Combining AI with agent-based modelling to investigate bumblebee exploratory flights
Anja Stanojlovic, Felix Leyendendecker, Keanu Lange, Taha Ilhan
The search and discovery of food sources in central place foragers and bumblebees (genus Bombus) is an instrumental complex problem. Their foraging behaviour can be divided into two distinct phases: exploration and exploitation flights. These two phases are characterised by unique flight behaviours and trajectory patterns. Exploratory flight trajectories are curvier and appear as digressive looping flights in undiscovered areas around the nest without stops at previously visited locations. This serves the purpose of orientating the bumblebee around the nest, learning where the nest is located in relation to its surroundings and exploring possible food sources. In the gradual process of switching from exploration to exploitation, the bumblebee no longer flies multiple loops around the nest, but instead flies directly in single loops to stop at specific locations that have been memorised as food sources. Nonetheless, there is a high degree of inter-individual variation among bumblebee flight patterns. Our aim is to investigate the conditions under which looping behaviour emerges in bumblebees (Bombus terrestris in particular) during exploratory flights in nature. To do this, we use agent-based models in which agents are imbued with an artificial neural network representing the bumblebee brain, combined with an evolutionary process in which thousands of agents evolve over multiple generations.
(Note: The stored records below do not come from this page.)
Lemma inP_pm u v x : Yset u -> Yset v -> Tr u = Tr v ->
  (x = u + v \/ x = u - v) -> inP x.
Proof.
move=> Yu Yv Tuv [->|->]; split; try exact: gen_add; try exact: genB.
  by rewrite (TrD HTr) ?Tuv ?L2_add_self //; apply: Y_D2.
by rewrite (TrB HTr) ?Tuv ?subrr //; apply: Y_D2.
Qed.

Lemma Pgen_inP x : Pgen x -> inP x.
Proof.
case=> [[i [j [k [l ->]]]]|[[i [j [k [l [ki kj kl ->]]]]]|[[i [k [ik ->]]]|[H|[H|H]]]]].
- by split; [apply: Y_Ta|apply: (Tr_Ta HTr)].
- split; first exact: Y_c7.
  by rewrite (Tr_c7 HTr) eq_sym (negbTE ki) eq_sym (negbTE kj) addr0.
- by split; [apply: Y_c7|rewrite (Tr_c7kk HTr _ ik) wedge_diag].
- move: H => [i [k [m [ik mk]]]]; apply: inP_pm; try exact: Y_c7.
  by rewrite !(Tr_c7kk HTr) // wedgeC.
- move: H => [i [k [k' [l [ik ik' _]]]]]; apply: inP_pm; try exact: Y_c7.
  by rewrite !(Tr_c7kk HTr).
- move: H => [i [k [l [ik il]]]]; apply: inP_pm; [apply: Y_c7|exact: Y_c8|].
  by rewrite (Tr_c7kk HTr) // (Tr_c8 HTr).
Qed.

Lemma genPgen_inP x : gen (@Pgen g) x -> inP x.
Proof.
elim=> [|y /Pgen_inP //|y z _ ? _ ?]; last exact: inP_sub.
by split; [apply: gen0|apply: (Tr0 HTr)].
Qed.

End PgenInKernel.

Definition lift8 (g : nat) (M : L2 g) : T4 g :=
  \sum_(i < g) \sum_(l < g)
    (if (i < l)%N && (M (lshift g i) (lshift g l) == 1) then c8 i l else 0).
The bumblebee-agents with the best abilities are transferred to the next generation. Our model explores the necessary information needed to reproduce the exploratory behaviour empirically observed, taking into account the location of the nest and the memory of previously explored areas. We expect this approach to be sufficient to recreate the natural exploratory behaviour of bumblebees, characterised by an incremental expansion of the foraging area while maintaining the ability to efficiently return to the nest. This framework analyses the criteria that are being optimised during exploratory behaviour and the cognitive inputs required to achieve this.